The notebook with all the steps to train the models can be found here.
# Baseline command +
jupyter --help
# Launches a jupyter lab instance
# Options:
# --port INTEGER Port to launch jupyter lab on [default: 8890]
# --help Show this message and exit.
DeepTumour is a tool that can predict the tumor type of origin based on the pattern of somatic mutations. We used a second version of this tool, that can predict 29 tumor types instead of 24, to validate that our simulations were correctly assigned to their training tumor type. We also trained a new model using a mix of real and synthetic donors, improving the overall accuracy of the model. Both the original and the new model are available on HuggingFace and Zotero. To use them:
docker run --rm -u $(id -u):$(id -g) \
-v $(pwd):/home \
-v /PATH_TO_DEEPTUMOUR_MODEL/:/DeepTumour/trained_models \
-v /PATH_TO_HG19_DIR/:/reference
-it oicr/oncogan:deeptumour --help
# or
singularity exec -H ${pwd}:/home \
-B /PATH_TO_DEEPTUMOUR_MODEL/:/DeepTumour/trained_models \
-B /PATH_TO_HG19_DIR/:/reference
/PATH_TO/oncogan_deeptumour.sif DeepTumour.py --help
# Predict cancer type from a VCF file using DeepTumour
# Options:
# --vcfFile PATH VCF file to analyze [Use --vcfFile or --vcfDir]
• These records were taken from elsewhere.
Theorem theorem1 (R : realType) :
  0 < MI R (adigit 1) e0 /\
  (forall i j : nat, (1 <= i <= 3)%N -> (1 <= j <= 3)%N ->
     MI R (adigit i) (edigit j) = 0) /\
  (forall i : nat, (1 <= i <= 3)%N ->
     0 < CMI R (adigit i) (edigit i) (carry i)).
Proof.
split; [|split].
- apply: (@MI_gt0_of_lt R _ (adigit 1) e0 9 0 0).
    by rewrite !(prob_cycle_uniform (shift_a_inj 100) (adigit_lt 1) adigit1_shift_a).
  exact/prob_lt_card/card_a1_9_lt_a1_0_at_e0_0.
- move=> i j _ j_bnd; apply: MI_eq0 => x y _ /rangeP[w <-].
  exact: (prob_indep_cycle (shift_b_inj _) (edigit_lt j) (edigit_shift_b j^~ j_bnd)
            R (fun w => adigit i w == x) _ (fun=> erefl) (edigit_lt j w)).
- move=> i i_bnd.
  apply: (@CMI_gt0 R _ _ _ _ 9 0 0 (mkw (9 * 10 ^ (3 - i)) 0 0 0) (mkw 0 0 0 0)).
  1,2: by case/andP: i_bnd; case: i => [|[|[|[|i]]]].
  move=> w; apply/and3P => -[/eqP a_9 /eqP e_0 /eqP c_0].
  by move: e_0; rewrite edigit_no_carry.
Qed.
(* Let $d\ge1$ and $\tilde\epsilon>0$ be sufficiently small (below an absolute constant), and set $p = \frac{2}{7}\sqrt{\frac{\log(3d)}{\tilde\epsilon}}$, assumed to be a positive integer, and $\gamma = 14\sqrt{\tilde\epsilon\log(3d)}$. Let $\Sigma\in\mathbb{R}^{d\times d}$ be symmetric positive semidefinite and let $\mathbf{M} = \mathbf{M}_G+\mathbf{M}_B$ with $\mathbf{M}_G\succeq 0$, $\mathbf{M}_B\succeq0$, $\|\mathbf{M}\|_p\le(1+\tilde\epsilon)\|\Sigma\|_p$ and $(1+\tilde\epsilon)\Sigma\succeq\mathbf{M}_G\succeq(1-\tilde\epsilon)\Sigma$. Let $\mathbf{M} = \sum_{j\in[d]}\lambda_jv_jv_j^\top$ and $\Sigma = \sum_{j\in[d]}\sigma_ju_ju_j^\top$ be eigendecompositions with $\lambda_1\ge\dots\ge\lambda_d$ and $\sigma_1\ge\dots\ge\sigma_d$, and let $t\in[d]$ satisfy $\sigma_{t+1}<(1-\gamma)\sigma_1$. Then $$\max_{j\in[t]} v_j^\top\Sigma v_j\ge(1-\gamma)\|\Sigma\|_\infty.$$
   Context: $\|\cdot\|_p$ is the Schatten-$p$ norm ($\ell_p$ norm of the eigenvalues), $\|\Sigma\|_\infty = \sigma_1$ the largest eigenvalue; $\succeq$ is the Loewner order. (If $t = d$, the condition on $\sigma_{t+1}$ is vacuous.) *)

From HB Require Import structures.
From mathcomp Require Import all_boot all_order all_algebra.
From mathcomp Require Import all_classical all_reals all_analysis.
Set Implicit Arguments. Unset Strict Implicit. Unset Printing Implicit Defensive.
Import Order.TTheory GRing.Theory Num.Theory.
Local Open Scope ring_scope.
Lemma tcoef_bound T i k : Rabs (tcoef T i k) * freq k <= 1 /\ Rabs (tcoef T i k) <= 1.
Proof.
  destruct k as [| k].
  - unfold tcoef, freq. simpl INR. rewrite !Rmult_0_r, Rdiv_0_r, Rabs_R0. lra.
  - pose proof (freq_ge_1 (S k) ltac:(lia)).
    assert (Hdiv : Rabs (tcoef T i (S k)) = / (2 * freq (S k))).
    { unfold tcoef, Rdiv. rewrite Rabs_mult, Rabs_tsign, Rabs_inv, Rabs_pos_eq by lra. ring. }
    rewrite Hdiv. split.
    + replace (/ (2 * freq (S k)) * freq (S k)) with (/ 2) by (field; lra). lra.
    + rewrite <- Rinv_1. apply Rinv_le_contravar; lra.
Qed.

Lemma eps_pos n : 0 < eps n.
Proof.
  unfold eps. pose proof (freq_nonneg (S n)). pose proof (lt_0_INR (S n) (Nat.lt_0_succ n)).
  apply Rinv_0_lt_compat. lra.
Qed.

Lemma eps_small n : eps n * (2 * freq (S n) + INR (S n)) < 1.
Proof.
  unfold eps. pose proof (freq_nonneg (S n)). pose proof (lt_0_INR (S n) (Nat.lt_0_succ n)).
  rewrite Rinv_mult, Rmult_assoc, Rinv_l by lra. lra.
Qed.

Lemma tsign_pairing n T i j : is_tournament n T -> in_range n i -> in_range n j -> i <> j ->
  (T i j /\ (tsign T i j - tsign T j i) / 2 = 1) \/
  (~ T i j /\ (tsign T i j - tsign T j i) / 2 = -1).
Proof.
  intros [_ [_ Htour]] Hi Hj Hij. unfold tsign.
  destruct (Htour i j Hi Hj Hij) as [Hcover Hexcl].
  destruct (excluded_middle_informative (T i j)) as [Hij' | Hij'],
           (excluded_middle_informative (T j i)) as [Hji | Hji].
  - exfalso. apply Hexcl. split; assumption.
  - left. split; [assumption | lra].
  - right. split; [assumption | lra].
  - exfalso. destruct Hcover; contradiction.
Qed.

Section Embedding.

Variables (n : nat) (T : nat -> nat -> Prop) (i : nat).
Hypothesis i_range : (0 < i <= n)%nat.

Local Notation phi := (mode n (tcoef T) i).
Local Notation dphi := (dmode n (tcoef T) i).

Lemma dmode_tcoef_bound x : Rabs (dphi x) <= 2 * freq (S n) + INR (S n).
Proof. apply dmode_bound; [lia |]. intros k. apply tcoef_bound. Qed.

Lemma mode_tcoef_bound x : Rabs (phi x) <= 2 + INR (S n).
Proof. apply mode_bound. intros k. apply tcoef_bound. Qed.

Let mode_m1 : phi (-1) = 0 := mode_pm1 n (tcoef T) i (-1) (or_intror eq_refl).
Let mode_1 : phi 1 = 0 := mode_pm1 n (tcoef T) i 1 (or_introl eq_refl).
Let mode_int : is_RInt phi (-1) 1 0 := is_RInt_mode n (tcoef T) i (proj1 i_range).

Lemma embedding_inG0 : inG0 (embedding n T i).
Proof.
  exact (perturb_inG0 phi dphi (eps n) _ (is_derive_mode n _ i) dmode_tcoef_bound
           (eps_pos n) (eps_small n) mode_m1 mode_1 mode_int).
Qed.

Lemma RInt_G_eq_embedding (g : R -> R) : G_eq g (embedding n T i) ->
  RInt (fun t => g (ginv (embedding n T i) t)) (-1) 1 = 0.
Proof.
  exact (RInt_G_eq_ginv phi dphi (eps n) _ _ (is_derive_mode n _ i) dmode_tcoef_bound
           mode_tcoef_bound (eps_pos n) (eps_small n) mode_m1 mode_1 g).
Qed.
Lemma sum_glued_chi j t b : (t.+1 < d j - 2)%N -> glued_marginals j t.+1 ->
  \sum_(u | chi_of j t u == b) glued j t.+1 u = chi_marg j t b.
Proof.
move=> td marg_t.
rewrite (partition_big (local j t) (fun y => Cset calF (frow j t) y && (y (fchi j t) == b)))
  => [|u /eqP ub]; last by rewrite Cset_local_inner ?local_fchi ?ub ?eqxx //; lia.
apply: eq_bigr => y /andP[_ /eqP yb]; rewrite -marg_t //; apply: eq_bigl => u.
case: (local j t u =P y) => [uy|_]; last by rewrite andbF.
by rewrite -yb -uy local_fchi ?eqxx //; lia.
Qed.

Lemma glued_marg_prev j t l y0 : (t < d j - 2)%N -> glued_marginals j t -> (l < t)%N ->
  \sum_(g | local j l g == y0) glued j t.+1 g = z (frow j l) y0.
Proof.
move=> td marg_t lt.
rewrite (eq_bigl (fun g => local j l (prefix j t g) == y0)) => [|g]; last first.
  by rewrite local_prefix //; lia.
rewrite (sum_glued_succ (fun u _ => local j l u == y0)) // -marg_t // [RHS]big_mkcond.
apply: eq_bigr => u _; case: (local j l u =P y0) => _; last first.
  by rewrite big_pred0 ?mulr0 // => y; rewrite andbF.
rewrite (eq_bigl (fun y => Cset calF (frow j t) y && compatible j t u y)) => [|y]; last first.
  by rewrite andbT.
by rewrite sum_compatible // glued_norm.
Qed.

Lemma glued_marg_last j t y0 : (t < d j - 2)%N -> glued_marginals j t ->
  \sum_(g | local j t g == y0) glued j t.+1 g = z (frow j t) y0.
Proof.
move=> td marg_t; rewrite (sum_glued_succ (fun _ y => y == y0)) //.
have [Cy|nCy] := boolP (Cset calF (frow j t) y0); last first.
  rewrite z_out // big1 // => u _; rewrite big_pred0 ?mulr0 // => y.
  by case: eqP => [->|]; rewrite ?(negbTE nCy) ?andbF.
case: t td marg_t Cy => [|t] td marg_t Cy.
  rewrite (eq_bigr (fun u => glued j 0 u * z (frow j 0) y0)) => [|u _]; last first.
    by rewrite big_mkcondr big_if_eq Cy /= divr1.
  rewrite -big_distrl /= (bigD1 (0 : {ffun 'I_n -> R})) //= eqxx big1 ?addr0 ?mul1r // => g.
  by move/negbTE ->.
set b := y0 (fchi j t).
rewrite (eq_bigr (fun u => if chi_of j t u == b
    then z (frow j t.+1) y0 / chi_marg j t b * glued j t.+1 u else 0)) => [|u _]; last first.
  rewrite big_mkcondr big_if_eq Cy /compatible /= [b == _]eq_sym.
  by case: (chi_of j t u =P b) => [->|_]; [ring | rewrite mulr0].
rewrite -big_mkcond -big_distrr /= sum_glued_chi //.
have [cm0|cm0] := eqVneq (chi_marg j t b) 0; last by rewrite divfK.
rewrite cm0 mulr0; apply/esym/eqP; rewrite eq_le z_ge0 andbT -cm0 -chi_marg_next; last lia.
by apply: ler_sum_term => [|y _]; [rewrite Cy eqxx | exact: z_ge0].
Qed.

Lemma glued_marginalsP j t : (t <= d j - 2)%N -> glued_marginals j t.
Proof.
elim: t => [_ l y|t IH tle l y]; first by rewrite ltn0.
rewrite ltnS leq_eqVlt => /orP[/eqP ->|lt].
  by apply: glued_marg_last; [lia | apply: IH; lia].
by apply: glued_marg_prev; [lia | apply: IH; lia | exact: lt].
Qed.

Lemma sum_glued j : \sum_g glued j (d j - 2) g = 1.
Proof.
rewrite -(sum_z (frow j 0)) (partition_big (local j 0) (Cset calF (frow j 0))) => [|g _].
  by apply: eq_bigr => y _; apply: glued_marginalsP => //; have := d_ge4' j; lia.
by apply: Cset_local_inner; have := d_ge4' j; lia.
Qed.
# --vcfDir DIRECTORY Directory with VCF files to analyze [Use --vcfFile or --vcfDir]
# --reference PATH hg19 reference genome in fasta format [required]
# --hg38 Use this tag if your VCF is in hg38 coordinates
# --keep_input Use this tag to also save DeepTumour input as a csv file
# --outDir DIRECTORY Directory where save DeepTumour results. Default is the current directory
# --help Show this message and exit.